WORK REQUEST
If a line in the data has the string "assert", please show it.

(RECORDS FOR THE TASK Opens)

(* Let $\theta(q,x):=\sum_{j=0}^{\infty}q^{j(j+1)/2}x^j$. For every $q\in(0,0.5]$, the function $x\mapsto\theta(q,x)$ has no zeros in the closed rectangle $\Delta:=\{x\in\mathbb{C}:\ -3\leq\mathrm{Re}\,x\leq 0,\ -3\leq\mathrm{Im}\,x\leq 3\}$. *)

From Stdlib Require Import Reals.
From Coquelicot Require Import Coquelicot.
Open Scope R_scope.

Definition theta_term (q : R) (x : C) (j : nat) : C :=
  Cmult (RtoC (q ^ (Nat.div (j * (j + 1)) 2))) (Cpow x j).

From Stdlib Require Import Reals ZArith Bool Lia Lra.
From Coquelicot Require Import Coquelicot.
Open Scope R_scope.

(* The series satisfies the functional equation θ(q,x) = 1 + q x θ(q,qx). Unrolling it seven
   times writes θ(q,x) as a nested expression 1 + q x (1 + q^2 x (... (1 + q^7 x θ(q,q^7 x))))
   whose innermost factor lies within 1/25 of 1, since |q^8 x| <= 5/256 on the rectangle
   (where |x| <= 5) and the terms of θ(q,y) - 1 are dominated by the geometric series of q|y|.
   The nested expression is then evaluated in outward-rounded fixed-point interval arithmetic
   over the boxes of an adaptive bisection of (q, Re x, Im x) in [0,1/2] x [-3,0] x [-3,3];
   a computation checked by vm_compute shows that on every box the enclosure avoids 0. *)

Lemma pow_le_pow_of_le_one (q : R) (m n : nat) : 0 <= q <= 1 -> (m <= n)%nat -> q ^ n <= q ^ m.
Proof.
  intros hq hmn.
  replace n with (m + (n - m))%nat by lia.
  rewrite pow_add.
  assert (q ^ (n - m) <= 1) by (rewrite <- (pow1 (n - m)); apply pow_incr; lra).
  assert (0 <= q ^ m) by (apply pow_le; lra).
  nra.
Qed.

Lemma norm_is_series_le {K : AbsRing} {V : NormedModule K} (a : nat -> V) (b : nat -> R)
  (la : V) (lb : R) :
  (forall n, norm (a n) <= b n) -> is_series a la -> is_series b lb -> norm la <= lb.
Proof.
  intros hab ha hb.
  change (Rbar_le (norm la) lb).
  apply (filterlim_le (F := eventually) (fun n => norm (sum_n a n)) (sum_n b)).
  - exists 0%nat; intros n _.
    eapply Rle_trans; [apply norm_sum_n_m | apply sum_n_m_le; exact hab].
  - eapply filterlim_comp; [exact ha | apply filterlim_norm].
  - exact hb.
Qed.

(** * The theta series *)

Lemma div2_triangle_succ (m : nat) :
  Nat.div (S m * (S m + 1)) 2 = (Nat.div (m * (m + 1)) 2 + S m)%nat.
Proof.
  replace (S m * (S m + 1))%nat with (m * (m + 1) + S m * 2)%nat by lia.
  apply Nat.div_add; lia.
Qed.

Lemma le_div2_triangle (m : nat) : (m <= Nat.div (m * (m + 1)) 2)%nat.
Proof. induction m as [|m IH]; [simpl; lia | rewrite div2_triangle_succ; lia]. Qed.

Lemma theta_term0 (q : R) (x : C) : theta_term q x 0 = 1%C.
Proof. unfold theta_term; simpl; ring. Qed.

Lemma theta_termS (q : R) (x : C) (m : nat) :
  theta_term q x (S m) = (RtoC q * x * theta_term q (RtoC q * x) m)%C.
Proof.
  unfold theta_term.
  rewrite div2_triangle_succ, pow_add, RtoC_mult, Cpow_mult_l, !RtoC_pow, !Cpow_S.
  ring.
Qed.

Lemma is_series_one_plus (a : nat -> C) (l : C) :
  a 0%nat = 1%C -> is_series (fun m => a (S m)) l -> is_series a (1 + l)%C.
Proof.
  intros h0 hl. apply is_series_decr_1. rewrite h0.
  match goal with |- is_series _ ?L => replace L with l end; [exact hl |].
  change (l = Cplus (Cplus 1 l) (Copp 1)). ring.
Qed.

Lemma is_series_theta_shift (q : R) (x l : C) :
  is_series (theta_term q (RtoC q * x)) l ->
  is_series (theta_term q x) (1 + RtoC q * x * l)%C.
Proof.
  intro h. apply is_series_one_plus; [apply theta_term0 |].
  eapply is_series_ext; [intro m; symmetry; apply theta_termS |].
  exact (is_series_scal_l (RtoC q * x)%C _ _ h).
Qed.

Lemma Cmod_theta_term_le (q : R) (y : C) (m : nat) :
  0 <= q <= 1 -> Cmod (theta_term q y m) <= (q * Cmod y) ^ m.
Proof.
  intro hq. unfold theta_term.
  rewrite Cmod_mult, Cmod_R, Cmod_pow, Rabs_pos_eq, Rpow_mult_distr by (apply pow_le; lra).
  apply Rmult_le_compat_r; [apply pow_le, Cmod_ge_0 |].
  apply pow_le_pow_of_le_one; [exact hq | apply le_div2_triangle].
Qed.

(RECORDS FOR THE TASK Closes)

RESULT
  assert (q ^ (n - m) <= 1) by (rewrite <- (pow1 (n - m)); apply pow_incr; lra).
  assert (0 <= q ^ m) by (apply pow_le; lra).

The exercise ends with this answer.